**What you have to do:** Check every line below, and copy those that include "exists".

-------- Supplied material

Lemma op_char_poly_ext (K : finType) (f g : K -> K -> C) :
  f =2 g -> op_char_poly f = op_char_poly g.
Proof. by move=> fg; congr char_poly; apply/matrixP => i j; rewrite !mxE fg. Qed.

Lemma op_char_poly_bij (K : finType) n (h : 'I_n -> K) (f : K -> K -> C) :
  bijective h -> char_poly (\matrix_(i, j) f (h i) (h j)) = op_char_poly f.
Proof.
move=> hb; have En : n = #|K| by rewrite -(bij_eq_card hb) card_ord.
subst n.
have hi : injective (enum_rank \o h) by apply: inj_comp; [exact: enum_rank_inj | exact: bij_inj].
rewrite /op_char_poly -(char_poly_perm_conj (perm hi) (mx_of f)); congr char_poly.
by apply/matrixP => i j; rewrite !mxE !permE /= !enum_rankK.
Qed.

Lemma op_char_poly_reindex (K K' : finType) (e : K -> K') (f : K' -> K' -> C) :
  bijective e -> op_char_poly (fun u v => f (e u) (e v)) = op_char_poly f.
Proof.
move=> eb; apply: (op_char_poly_bij (h := fun i => e (enum_val i))).
by apply: bij_comp => //; exact: enum_val_bij.
Qed.

Lemma op_char_poly_sum (K1 K2 : finType) (f : K1 + K2 -> K1 + K2 -> C) :
  (forall a b, f (inl a) (inr b) = 0) -> (forall a b, f (inr b) (inl a) = 0) ->
  op_char_poly f = op_char_poly (fun a a' => f (inl a) (inl a'))
                   * op_char_poly (fun b b' => f (inr b) (inr b')).
Proof.
move=> f12 f21.
pose h := fun i : 'I_(#|K1| + #|K2|) =>
  match split i with inl j => inl (enum_val j) | inr j => inr (enum_val j) end.
have hb : bijective h.
  exists (fun u => unsplit (match u with
                            | inl a => inl (enum_rank a) | inr b => inr (enum_rank b) end)).
    by move=> i; rewrite /h -{2}(splitK i); case: (split i) => j /=; rewrite enum_valK.
  by case=> [a|b]; rewrite /h unsplitK enum_rankK.
rewrite -(op_char_poly_bij f hb) -char_poly_block_diag; congr char_poly.
apply/matrixP => i j; rewrite mxE -(splitK i) -(splitK j).
case: (split i) => i'; case: (split j) => j'; rewrite /h !unsplitK /=.
- by rewrite block_mxEul mxE.
- by rewrite block_mxEur mxE f12.
- by rewrite block_mxEdl mxE f21.
- by rewrite block_mxEdr mxE.
Qed.

Lemma op_char_poly_card0 (K : finType) (f : K -> K -> C) :
  #|K| = 0%N -> op_char_poly f = 1.
Proof.
move=> K0; have mp := char_poly_monic (mx_of f).
have sp : size (op_char_poly f) = 1%N by rewrite size_char_poly K0.
have lc : lead_coef (op_char_poly f) = (op_char_poly f)`_0 by rewrite lead_coefE sp.
by rewrite (size1_polyC (eq_leq sp)) -lc (monicP mp).
Qed.

Lemma op_char_poly_block_ord n (K : finType) (f : 'I_n -> K -> K -> C) :
  op_char_poly (fun u v : 'I_n * K => (u.1 == v.1)%:R * f u.1 u.2 v.2)
  = \prod_i op_char_poly (f i).
Proof.
elim: n f => [|n IH] f.
  by rewrite big_ord0 op_char_poly_card0 // card_prod card_ord mul0n.
pose e := fun u : K + ('I_n * K) =>
  match u with inl k => (ord0, k) | inr p => (lift ord0 p.1, p.2) end.
have eb : bijective e.
  exists (fun p : 'I_n.+1 * K =>
            match unlift ord0 p.1 with Some j => inr (j, p.2) | None => inl p.2 end).
    by case=> [k|[j k]]; rewrite /e /= ?unlift_none ?liftK.
  by case=> i k /=; case: unliftP => [j|] ->.
rewrite -(op_char_poly_reindex _ eb) op_char_poly_sum; first last.
- by move=> a [j k]; rewrite /e /= mul0r.
- by move=> a [j k]; rewrite /e /= mul0r.
rewrite big_ord_recl -IH; congr (_ * _).
by apply: op_char_poly_ext => a a'; rewrite /e /= mul1r.
Qed.

Lemma op_char_poly_block (L K : finType) (f : L -> K -> K -> C) :
  op_char_poly (fun u v : L * K => (u.1 == v.1)%:R * f u.1 u.2 v.2)
  = \prod_l op_char_poly (f l).
Proof.
pose e := fun p : 'I_#|L| * K => (enum_val p.1, p.2).
have eb : bijective e.
  exists (fun p : L * K => (enum_rank p.1, p.2)).
    by case=> i k; rewrite /e /= enum_valK.
  by case=> l k; rewrite /e /= enum_rankK.
rewrite -(op_char_poly_reindex _ eb) (reindex (fun i : 'I_#|L| => enum_val i)); last first.
  by apply: onW_bij; exact: enum_val_bij.
rewrite -(op_char_poly_block_ord (fun i => f (enum_val i))).
by apply: op_char_poly_ext => -[i k] [j k']; rewrite /e /= (inj_eq enum_val_inj).
Qed.

Lemma op_char_poly_diag (L : finType) (d : L -> C) :
  op_char_poly (fun u v : L => (u == v)%:R * d u) = \prod_l ('X - (d l)%:P).
Proof.
rewrite /op_char_poly char_poly_trig; last first.
  apply/is_trig_mxP => i j lt_ij; rewrite mxE (inj_eq enum_val_inj).
  by rewrite -val_eqE /= ltn_eqF // mul0r.
rewrite (reindex (fun i : 'I_#|L| => enum_val i)); last first.
  by apply: onW_bij; exact: enum_val_bij.
by apply: eq_bigr => i _; rewrite mxE eqxx mul1r.
Qed.

Lemma vN_entropy_ext (K : finType) (f g : K -> K -> C) :
  f =2 g -> vN_entropy f = vN_entropy g.
Proof. by move=> fg; rewrite !vN_entropyE (op_char_poly_ext fg). Qed.

Lemma vN_entropy_block (L K : finType) (f : L -> K -> K -> C) :
  vN_entropy (fun u v : L * K => (u.1 == v.1)%:R * f u.1 u.2 v.2)
  = \sum_l vN_entropy (f l).
Proof.
by rewrite vN_entropyE op_char_poly_block poly_entropy_prod // => l; exact: char_poly_monic.
Qed.

Lemma vN_entropy_block_r (K L : finType) (f : L -> K -> K -> C) :
  vN_entropy (fun u v : K * L => (u.2 == v.2)%:R * f u.2 u.1 v.1)
  = \sum_l vN_entropy (f l).
Proof.
have swapK : bijective (fun p : K * L => (p.2, p.1)).
  by exists (fun p : L * K => (p.2, p.1)); case.
by rewrite -vN_entropy_block !vN_entropyE -(op_char_poly_reindex _ swapK).
Qed.

Lemma vN_entropy_diag (L : finType) (d : L -> C) :
  vN_entropy (fun u v : L => (u == v)%:R * d u) = \sum_l eta_fun (complex.Re (d l)).
Proof.
rewrite vN_entropyE op_char_poly_diag poly_entropy_prod => [|l]; last exact: monicXsubC.
by apply: eq_bigr => l _; have := poly_entropy_prod_XsubC [:: d l]; rewrite !big_seq1.
Qed.

Lemma vN_entropy_pure_marginals (K M : finType) (T : K -> M -> C) :
  vN_entropy (fun k k' => \sum_m T k m * (T k' m)^*)
  = vN_entropy (fun m m' => \sum_k T k m * (T k m')^*).
Proof.
pose Tm := \matrix_(i < #|K|, j < #|M|) T (enum_val i) (enum_val j).
pose Sm := \matrix_(i < #|M|, j < #|K|) (T (enum_val j) (enum_val i))^*.
have TS : mx_of (fun k k' => \sum_m T k m * (T k' m)^*) = Tm *m Sm.
  apply/matrixP => i i'; rewrite !mxE (reindex (fun j : 'I_#|M| => enum_val j)) /=.
    by apply: eq_bigr => j _; rewrite !mxE.
  by apply: onW_bij; exact: enum_val_bij.
have ST : mx_of (fun m m' => \sum_k T k m * (T k m')^*) = (Sm *m Tm)^T.
  apply/matrixP => i i'; rewrite !mxE (reindex (fun j : 'I_#|K| => enum_val j)) /=.
    by apply: eq_bigr => j _; rewrite !mxE mulrC.
  by apply: onW_bij; exact: enum_val_bij.
rewrite !vN_entropyE -(poly_entropy_Xn_mul #|M|) ?char_poly_monic //.
rewrite -(poly_entropy_Xn_mul #|K| (char_poly_monic _)).
by rewrite /op_char_poly TS ST char_poly_tr char_poly_mulmxC.
Qed.

Lemma qmutinf_ext (L K : finType) (f g : L * K -> L * K -> C) :
  f =2 g -> qmutinf f = qmutinf g.
Proof.
move=> fg.
have e2 : vN_entropy (ptrace2 f) = vN_entropy (ptrace2 g).
  by apply: vN_entropy_ext => l l'; apply: eq_bigr => k _.
have e1 : vN_entropy (ptrace1 f) = vN_entropy (ptrace1 g).
  by apply: vN_entropy_ext => k k'; apply: eq_bigr => l _.
by rewrite /qmutinf e2 e1 (vN_entropy_ext fg).
Qed.

Lemma qmutinf_block (L K : finType) (f : L -> K -> K -> C) :
  qmutinf (fun u v : L * K => (u.1 == v.1)%:R * f u.1 u.2 v.2)
  = \sum_l eta_fun (complex.Re (\sum_k f l k k))
    + vN_entropy (fun k k' => \sum_l f l k k') - \sum_l vN_entropy (f l).
Proof.
set rho := fun u v : L * K => _.
have SL : vN_entropy (ptrace2 rho) = \sum_l eta_fun (complex.Re (\sum_k f l k k)).
  by rewrite -vN_entropy_diag; apply: vN_entropy_ext => l l'; rewrite /ptrace2 mulr_sumr.
have SK : vN_entropy (ptrace1 rho) = vN_entropy (fun k k' => \sum_l f l k k').
  by apply: vN_entropy_ext => k k'; apply: eq_bigr => l _; rewrite /rho /= eqxx mul1r.
by rewrite /qmutinf SL SK /rho vN_entropy_block.
Qed.
Lemma dpol3_zero A B C W : ncol A B C ->
  dpol A W = 0 -> dpol B W = 0 -> dpol C W = 0 -> W = vzero.
Proof.
  intros Hk hA hB hC. unfold ncol in Hk. set (k := det3 e3 (vsub B A) (vsub C A)) in Hk.
  assert (Ex : vx W * k = (dpol B W - dpol A W) * (vy C - vy A) - (dpol C W - dpol A W) * (vy B - vy A))
    by (unfold k, dpol; vsimpl; ring).
  assert (Ey : vy W * k = (dpol C W - dpol A W) * (vx B - vx A) - (dpol B W - dpol A W) * (vx C - vx A))
    by (unfold k, dpol; vsimpl; ring).
  rewrite hA, hB, hC in Ex, Ey.
  assert (wx : vx W = 0) by (apply (Rmult_eq_reg_r k); auto; lra).
  assert (wy : vy W = 0) by (apply (Rmult_eq_reg_r k); auto; lra).
  unfold dpol in hA. rewrite wx, wy in hA. apply vec3_eq; vsimpl; unfold vx, vy, vz in *; lra.
Qed.

Lemma pol3_unique A B C P Q : ncol A B C ->
  pol A P = 0 -> pol B P = 0 -> pol C P = 0 -> pol A Q = 0 -> pol B Q = 0 -> pol C Q = 0 -> P = Q.
Proof.
  intros Hk a1 b1 c1 a2 b2 c2.
  pose proof (dpol3_zero A B C (vsub P Q) Hk
    (dpol_of_pol _ _ _ a2 a1) (dpol_of_pol _ _ _ b2 b1) (dpol_of_pol _ _ _ c2 c1)) as E.
  apply vec3_eq; [apply (f_equal vx) in E | apply (f_equal vy) in E | apply (f_equal vz) in E];
    vsimpl in *; lra.
Qed.

Lemma dpol_det_neq0 A B C X Y : ncol A B C ->
  dpol A X = 0 -> dpol B X = 0 -> dpol A Y = 0 -> dpol C Y = 0 -> X <> vzero -> Y <> vzero ->
  det3 e3 X Y <> 0.
Proof.
  intros Hk hAX hBX hAY hCY hX hY E.
  rewrite det3_e3_swap in E.
  destruct (dpol_det0_parallel A Y X hAY hAX ltac:(lra) hX) as [c ->].
  apply hY, (dpol3_zero A B C); auto. rewrite dpol_scale, hBX; ring.
Qed.

(** The dual point of the plane through X spanned by u and v (meaningful when
    that plane is not isotropic, [det3 e3 u v <> 0]). *)
Definition plane_dual (u v X : vec3) : vec3 :=
  vscale (- / det3 e3 u v) (mk3 (det3 e1 u v) (det3 e2 u v) (det3 X u v)).

Lemma T_point_plane_dual a b sigma i j X :
  T_point a b sigma i j X = plane_dual (vsub (b (S j)) (b j)) (Delta a b sigma i j) X.
Proof. reflexivity. Qed.

Lemma top_plane_dual u v X X' : top (plane_dual u v X) = top (plane_dual u v X').
Proof. unfold top, plane_dual; vsimpl. f_equal; ring. Qed.

Lemma vz_plane_dual u v X : vz (plane_dual u v X) = - / det3 e3 u v * det3 X u v.
Proof. reflexivity. Qed.

Lemma dpol_plane_dual u v X d : det3 e3 u v <> 0 ->
  dpol (plane_dual u v X) d = - dot d (cross u v) / det3 e3 u v.
Proof. intro H. unfold dpol, plane_dual. vsimpl. field. vsimpl in *. lra. Qed.

Lemma pol_plane_dual u v X : det3 e3 u v <> 0 -> pol (plane_dual u v X) X = 0.
Proof. intro H. unfold pol, plane_dual. vsimpl. field. vsimpl in *. lra. Qed.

----------------

**Output for this exercise:**
  exists (fun u => unsplit (match u with
  exists (fun p : 'I_n.+1 * K =>
  exists (fun p : L * K => (enum_rank p.1, p.2)).
  by exists (fun p : L * K => (p.2, p.1)); case.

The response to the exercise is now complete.